[Records from a collection]
________
(* Let $\mathcal{C}$ be either $\mathbf{Sets}$ or $\mathbf{Vec}$ and let $M,N:\mathbf{R}^d\to\mathcal{C}$ be surjective persistence modules. Then (i) $d_{\mathrm{I},d}(\mathrm{dm}(M),\mathrm{dm}(N))\le 2\cdot d_{\mathrm{I},d}^{\mathcal{C}}(M,N)$, and (ii) $d_{\mathrm{I},d}(\mathrm{dm}(M),\mathrm{dm}(N))\le\mathbf{d}_{\mathrm{I},d}^{\mathcal{C}}(M,N)$.
   Context: $\mathbf{R}^d$ has the product order and $\vec\varepsilon=\varepsilon(1,\dots,1)$. A persistence module $M:\mathbf{R}^d\to\mathcal{C}$ is a functor: objects $M_\mathbf{a}$ and morphisms $\varphi_M(\mathbf{a},\mathbf{b}):M_\mathbf{a}\to M_\mathbf{b}$ for $\mathbf{a}\le\mathbf{b}$. It is surjective if every $\varphi_M(\mathbf{a},\mathbf{b})$ is surjective. The dimension function $\mathrm{dm}(M):\mathbf{R}^d\to\mathbf{Z}_+$ sends $\mathbf{a}$ to the cardinality (for $\mathbf{Sets}$) or dimension (for $\mathbf{Vec}$) of $M_\mathbf{a}$ (modules are assumed pointwise finite so this is a nonnegative integer). An $\varepsilon$-interleaving between $M,N$ consists of natural families $f_\mathbf{a}:M_\mathbf{a}\to N_{\mathbf{a}+\vec\varepsilon}$, $g_\mathbf{a}:N_\mathbf{a}\to M_{\mathbf{a}+\vec\varepsilon}$ with $g_{\mathbf{a}+\vec\varepsilon}\circ f_\mathbf{a}=\varphi_M(\mathbf{a},\mathbf{a}+2\vec\varepsilon)$ and $f_{\mathbf{a}+\vec\varepsilon}\circ g_\mathbf{a}=\varphi_N(\mathbf{a},\mathbf{a}+2\vec\varepsilon)$; $d_{\mathrm{I},d}^{\mathcal{C}}(M,N)$ is the infimum of $\varepsilon$ admitting one, and $\mathbf{d}_{\mathrm{I},d}^{\mathcal{C}}(M,N)$ the infimum of $\varepsilon$ admitting one with all $f_\mathbf{a},g_\mathbf{a}$ surjective ($\infty$ if none). For functions $F,G:\mathbf{R}^d\to\mathbf{Z}_+$, $d_{\mathrm{I},d}(F,G):=\inf\{\varepsilon\ge0:\forall\mathbf{a},\ F(\mathbf{a})\ge G(\mathbf{a}+\vec\varepsilon),\ G(\mathbf{a})\ge F(\mathbf{a}+\vec\varepsilon)\}$. *)

From HB Require Import structures.
From mathcomp Require Import all_boot all_order all_algebra.
From mathcomp Require Import boolp classical_sets reals constructive_ereal ereal.
Set Implicit Arguments. Unset Strict Implicit. Unset Printing Implicit Defensive.
Import Order.TTheory GRing.Theory Num.Theory.
Local Open Scope ring_scope.
Local Open Scope classical_set_scope.

Definition pleq (R : realType) (d : nat) (a b : 'I_d -> R) : bool :=
  [forall i, a i <= b i].

Definition shift (R : realType) (d : nat) (a : 'I_d -> R) (e : R) : 'I_d -> R :=
  fun i => a i + e.

Definition surj (A B : Type) (f : A -> B) : Prop := forall y, exists x, f x = y.

Record setPM (R : realType) (d : nat) := SetPM {
  spm_obj : ('I_d -> R) -> finType;
  spm_map : forall a b, pleq a b -> spm_obj a -> spm_obj b;
  spm_id : forall a (h : pleq a a) x, spm_map h x = x;
  spm_comp : forall a b c (hab : pleq a b) (hbc : pleq b c) (hac : pleq a c) x,
      spm_map hac x = spm_map hbc (spm_map hab x) }.
Arguments spm_obj {R d} s _.
Arguments spm_map {R d} s {a b} _ _.

Record vecPM (K : fieldType) (R : realType) (d : nat) := VecPM {
  vpm_obj : ('I_d -> R) -> vectType K;
  vpm_map : forall a b, pleq a b -> {linear vpm_obj a -> vpm_obj b};
  vpm_id : forall a (h : pleq a a) x, vpm_map h x = x;
  vpm_comp : forall a b c (hab : pleq a b) (hbc : pleq b c) (hac : pleq a c) x,
      vpm_map hac x = vpm_map hbc (vpm_map hab x) }.
Arguments vpm_obj {K R d} v _.
Arguments vpm_map {K R d} v {a b} _.

Definition set_surjective R d (M : setPM R d) : Prop :=
  forall a b (h : pleq a b), surj (spm_map M h).
Definition vec_surjective K R d (M : vecPM K R d) : Prop :=
  forall a b (h : pleq a b), surj (vpm_map M h).

Definition set_dm R d (M : setPM R d) : ('I_d -> R) -> nat :=
  fun a => #|spm_obj M a|.
Definition vec_dm K R d (M : vecPM K R d) : ('I_d -> R) -> nat :=
  fun a => \dim (fullv : {vspace vpm_obj M a}).

Definition dI_fun (R : realType) d (F G : ('I_d -> R) -> nat) : \bar R :=
  ereal_inf [set e%:E | e in [set e : R | 0 <= e /\
     forall a, (G (shift a e) <= F a)%N /\ (F (shift a e) <= G a)%N]].

Definition set_interleaving R d (M N : setPM R d) (e : R)
  (f : forall a, spm_obj M a -> spm_obj N (shift a e))
  (g : forall a, spm_obj N a -> spm_obj M (shift a e)) : Prop :=
  [/\ (forall a b (hab : pleq a b) (hab' : pleq (shift a e) (shift b e)) x,
         f b (spm_map M hab x) = spm_map N hab' (f a x)),
      (forall a b (hab : pleq a b) (hab' : pleq (shift a e) (shift b e)) x,
         g b (spm_map N hab x) = spm_map M hab' (g a x)),
      (forall a (h : pleq a (shift (shift a e) e)) x,
         g (shift a e) (f a x) = spm_map M h x) &
      (forall a (h : pleq a (shift (shift a e) e)) x,
         f (shift a e) (g a x) = spm_map N h x)].

Definition vec_interleaving K R d (M N : vecPM K R d) (e : R)
  (f : forall a, {linear vpm_obj M a -> vpm_obj N (shift a e)})
  (g : forall a, {linear vpm_obj N a -> vpm_obj M (shift a e)}) : Prop :=
  [/\ (forall a b (hab : pleq a b) (hab' : pleq (shift a e) (shift b e)) x,
         f b (vpm_map M hab x) = vpm_map N hab' (f a x)),
      (forall a b (hab : pleq a b) (hab' : pleq (shift a e) (shift b e)) x,
         g b (vpm_map N hab x) = vpm_map M hab' (g a x)),
      (forall a (h : pleq a (shift (shift a e) e)) x,
         g (shift a e) (f a x) = vpm_map M h x) &
      (forall a (h : pleq a (shift (shift a e) e)) x,
         f (shift a e) (g a x) = vpm_map N h x)].

(* d_{I,d}^Sets and bold d_{I,d}^Sets (surjective interleavings); +oo if none *)
Definition set_dI (R : realType) d (M N : setPM R d) : \bar R :=
  ereal_inf [set e%:E | e in [set e : R | 0 <= e /\
     exists f g, @set_interleaving R d M N e f g]].
Definition set_dI_surj (R : realType) d (M N : setPM R d) : \bar R :=
  ereal_inf [set e%:E | e in [set e : R | 0 <= e /\
     exists f g, @set_interleaving R d M N e f g /\
       (forall a, surj (f a)) /\ (forall a, surj (g a))]].

Definition vec_dI K (R : realType) d (M N : vecPM K R d) : \bar R :=
  ereal_inf [set e%:E | e in [set e : R | 0 <= e /\
     exists f g, @vec_interleaving K R d M N e f g]].
Definition vec_dI_surj K (R : realType) d (M N : vecPM K R d) : \bar R :=
  ereal_inf [set e%:E | e in [set e : R | 0 <= e /\
     exists f g, @vec_interleaving K R d M N e f g /\
       (forall a, surj (f a)) /\ (forall a, surj (g a))]].

From HB Require Import structures.
From mathcomp Require Import all_boot all_order all_algebra.
From mathcomp Require Import boolp classical_sets reals constructive_ereal ereal.
Import Order.TTheory GRing.Theory Num.Theory.
Local Open Scope ring_scope.
Local Open Scope ereal_scope.

(* Surjective structure maps can only decrease sizes, so dm(M) and dm(N) are
   nonincreasing.  If f, g form an e-interleaving, then f_(a+e) o g_a is the
   surjective map N_a -> N_(a+2e), hence f_(a+e) is surjective and
   dm N (a+2e) <= dm M (a+e) <= dm M a: the dimension functions are
   2e-interleaved.  If f and g are themselves surjective, the inequality
   dm N (a+e) <= dm M a is immediate, and the functions are e-interleaved. *)

Lemma surj_compr (A B C : Type) (f : B -> C) (g : A -> B) :
  surj (f \o g) -> surj f.
Proof. by move=> sfg z; have [x <-] := sfg z; exists (g x). Qed.

Lemma leq_card_surj (A B : finType) (f : A -> B) : surj f -> (#|B| <= #|A|)%N.
Proof.
move=> sf; have sf' y : exists x, f x == y by have [x <-] := sf y; exists x.
have gK : cancel (fun y => xchoose (sf' y)) f by move=> y; apply/eqP/(xchooseP (sf' y)).
exact: leq_card (can_inj gK).
Qed.

Lemma leq_dimv_surj (K : fieldType) (V W : vectType K) (f : {linear V -> W}) :
  surj f -> (\dim (fullv : {vspace W}) <= \dim (fullv : {vspace V}))%N.
Proof.
move=> sf; have fullv_img : (fullv <= linfun f @: fullv)%VS.
  by apply/subvP => w _; have [v <-] := sf w; rewrite -lfunE memv_img ?memvf.
apply: leq_trans (dimvS fullv_img) _.
by rewrite -(limg_ker_dim (linfun f) fullv) leq_addl.
Qed.

Section Shift.
Variables (R : realType) (d : nat).
Implicit Types (a : 'I_d -> R) (e : R).

Lemma pleq_shift a {e} : (0 <= e)%R -> pleq a (shift a e).
Proof. by move=> e0; apply/forallP => i; rewrite /shift lerDl. Qed.

Lemma shift_mul2 a e : shift a (2 * e) = shift (shift a e) e.
Proof. by apply/funext => i; rewrite /shift mulr2n mulrDl mul1r addrA. Qed.

Lemma pleq_shift_shift a {e} : (0 <= e)%R -> pleq a (shift (shift a e) e).
Proof. by move=> e0; rewrite -shift_mul2 pleq_shift ?mulr_ge0. Qed.

Definition dm_interleaved (F G : ('I_d -> R) -> nat) e :=
  forall a, (G (shift a e) <= F a)%N /\ (F (shift a e) <= G a)%N.

Lemma dI_fun_le_scale (F G : ('I_d -> R) -> nat) (P : R -> Prop) (c : R) :
  (0 < c)%R -> (forall e, (0 <= e)%R -> P e -> dm_interleaved F G (c * e)) ->
  dI_fun F G <= c%:E * ereal_inf [set e%:E | e in [set e : R | (0 <= e)%R /\ P e]].
Proof.
move=> c0 FG; rewrite -ereal_inf_pZl //; apply: ereal_inf_le_tmp.
move=> _ [_ [e [e0 Pe] <-] <-]; exists (c * e)%R; last by rewrite EFinM.
by split; [exact: mulr_ge0 (ltW c0) e0 | exact: FG].
Qed.

Lemma dI_fun_le (F G : ('I_d -> R) -> nat) (P : R -> Prop) :
  (forall e, (0 <= e)%R -> P e -> dm_interleaved F G e) ->
  dI_fun F G <= ereal_inf [set e%:E | e in [set e : R | (0 <= e)%R /\ P e]].
Proof.
move=> FG; rewrite -[X in _ <= X]mul1e.
by apply: dI_fun_le_scale => // e e0 Pe; rewrite mul1r; exact: FG.
Qed.

Lemma dm_interleaved_mul2 (F G : ('I_d -> R) -> nat) e : (0 <= e)%R ->
  (forall a b, pleq a b -> F b <= F a)%N ->
  (forall a b, pleq a b -> G b <= G a)%N ->
  (forall a, G (shift (shift a e) e) <= F (shift a e))%N ->
  (forall a, F (shift (shift a e) e) <= G (shift a e))%N ->
  dm_interleaved F G (2 * e).
Proof.
move=> e0 decF decG GF FG a; rewrite shift_mul2; split.
- exact: leq_trans (GF a) (decF _ _ (pleq_shift a e0)).
- exact: leq_trans (FG a) (decG _ _ (pleq_shift a e0)).
Qed.

End Shift.

Arguments pleq_shift {R d} a {e}.
Arguments pleq_shift_shift {R d} a {e}.
Arguments dm_interleaved {R d}.

Section SetModules.
Variables (R : realType) (d : nat).
Implicit Types (M N : setPM R d) (e : R).

Lemma set_dm_nonincreasing M a b :
  set_surjective M -> pleq a b -> (set_dm M b <= set_dm M a)%N.
Proof. by move=> sM ab; exact: leq_card_surj (sM _ _ ab). Qed.

Lemma set_interleaving_sym {M N e f g} :
  @set_interleaving R d M N e f g -> @set_interleaving R d N M e g f.
Proof. by case. Qed.

Lemma set_dm_interleaving_le {M N e f g} a : (0 <= e)%R -> set_surjective N ->
  @set_interleaving R d M N e f g ->
  (set_dm N (shift (shift a e) e) <= set_dm M (shift a e))%N.
Proof.
move=> e0 sN [_ _ _ fg]; apply: (@leq_card_surj _ _ (f (shift a e))).
apply: (@surj_compr _ _ _ _ (g a)) => y.
have [x <-] := sN _ _ (pleq_shift_shift a e0) y.
by exists x; exact: fg.
Qed.

Lemma set_dm_interleaved M N e f g : (0 <= e)%R ->
  set_surjective M -> set_surjective N -> @set_interleaving R d M N e f g ->
  dm_interleaved (set_dm M) (set_dm N) (2 * e).
Proof.
move=> e0 sM sN MN; apply: dm_interleaved_mul2 => // [a b|a b|a|a].
- exact: set_dm_nonincreasing.
- exact: set_dm_nonincreasing.
- exact: set_dm_interleaving_le a e0 sN MN.
- exact: set_dm_interleaving_le a e0 sM (set_interleaving_sym MN).
Qed.

Lemma set_dm_interleaved_surj M N e
    (f : forall a, spm_obj M a -> spm_obj N (shift a e))
    (g : forall a, spm_obj N a -> spm_obj M (shift a e)) :
  (forall a, surj (f a)) -> (forall a, surj (g a)) ->
  dm_interleaved (set_dm M) (set_dm N) e.
Proof. by move=> sf sg a; split; apply: leq_card_surj. Qed.

End SetModules.

Section VecModules.
Variables (K : fieldType) (R : realType) (d : nat).
Implicit Types (M N : vecPM K R d) (e : R).

Lemma vec_dm_nonincreasing M a b :
  vec_surjective M -> pleq a b -> (vec_dm M b <= vec_dm M a)%N.
Proof. by move=> sM ab; exact: leq_dimv_surj (sM _ _ ab). Qed.

Lemma vec_interleaving_sym {M N e f g} :
  @vec_interleaving K R d M N e f g -> @vec_interleaving K R d N M e g f.
Proof. by case. Qed.

Lemma vec_dm_interleaving_le {M N e f g} a : (0 <= e)%R -> vec_surjective N ->
  @vec_interleaving K R d M N e f g ->
  (vec_dm N (shift (shift a e) e) <= vec_dm M (shift a e))%N.
Proof.
move=> e0 sN [_ _ _ fg]; apply: (@leq_dimv_surj _ _ _ (f (shift a e))).
apply: (@surj_compr _ _ _ _ (g a)) => y.
have [x <-] := sN _ _ (pleq_shift_shift a e0) y.
by exists x; exact: fg.
Qed.

Lemma vec_dm_interleaved M N e f g : (0 <= e)%R ->
  vec_surjective M -> vec_surjective N -> @vec_interleaving K R d M N e f g ->
  dm_interleaved (vec_dm M) (vec_dm N) (2 * e).
Proof.
move=> e0 sM sN MN; apply: dm_interleaved_mul2 => // [a b|a b|a|a].
- exact: vec_dm_nonincreasing.
- exact: vec_dm_nonincreasing.
- exact: vec_dm_interleaving_le a e0 sN MN.
- exact: vec_dm_interleaving_le a e0 sM (vec_interleaving_sym MN).
Qed.

Lemma vec_dm_interleaved_surj M N e
    (f : forall a, {linear vpm_obj M a -> vpm_obj N (shift a e)})
    (g : forall a, {linear vpm_obj N a -> vpm_obj M (shift a e)}) :
  (forall a, surj (f a)) -> (forall a, surj (g a)) ->
  dm_interleaved (vec_dm M) (vec_dm N) e.
Proof. by move=> sf sg a; split; apply: leq_dimv_surj. Qed.

End VecModules.

Theorem proposition6p9 (R : realType) (d : nat) :
  (forall M N : setPM R d, set_surjective M -> set_surjective N ->
     dI_fun (set_dm M) (set_dm N) <= 2%:E * set_dI M N /\
     dI_fun (set_dm M) (set_dm N) <= set_dI_surj M N) /\
  (forall (K : fieldType) (M N : vecPM K R d), vec_surjective M -> vec_surjective N ->
     dI_fun (vec_dm M) (vec_dm N) <= 2%:E * vec_dI M N /\
     dI_fun (vec_dm M) (vec_dm N) <= vec_dI_surj M N).
Proof.
split=> [M N sM sN | K M N sM sN]; split.
- apply: dI_fun_le_scale => // e e0 [f [g MN]].
  exact: set_dm_interleaved MN.
- apply: dI_fun_le => e _ [f [g [_ [sf sg]]]].
  exact: set_dm_interleaved_surj sf sg.
- apply: dI_fun_le_scale => // e e0 [f [g MN]].
  exact: vec_dm_interleaved MN.
- apply: dI_fun_le => e _ [f [g [_ [sf sg]]]].
  exact: vec_dm_interleaved_surj sf sg.
Qed.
________
Copy the lines above exactly. Start with the line containing "vpm_comp : forall", end with the line containing "a e)) : Prop", and include both.

* ANSWER TO THE EXERCISE
  vpm_comp : forall a b c (hab : pleq a b) (hbc : pleq b c) (hac : pleq a c) x,
      vpm_map hac x = vpm_map hbc (vpm_map hab x) }.
Arguments vpm_obj {K R d} v _.
Arguments vpm_map {K R d} v {a b} _.

Definition set_surjective R d (M : setPM R d) : Prop :=
  forall a b (h : pleq a b), surj (spm_map M h).
Definition vec_surjective K R d (M : vecPM K R d) : Prop :=
  forall a b (h : pleq a b), surj (vpm_map M h).

Definition set_dm R d (M : setPM R d) : ('I_d -> R) -> nat :=
  fun a => #|spm_obj M a|.
Definition vec_dm K R d (M : vecPM K R d) : ('I_d -> R) -> nat :=
  fun a => \dim (fullv : {vspace vpm_obj M a}).

Definition dI_fun (R : realType) d (F G : ('I_d -> R) -> nat) : \bar R :=
  ereal_inf [set e%:E | e in [set e : R | 0 <= e /\
     forall a, (G (shift a e) <= F a)%N /\ (F (shift a e) <= G a)%N]].

Definition set_interleaving R d (M N : setPM R d) (e : R)
  (f : forall a, spm_obj M a -> spm_obj N (shift a e))
  (g : forall a, spm_obj N a -> spm_obj M (shift a e)) : Prop :=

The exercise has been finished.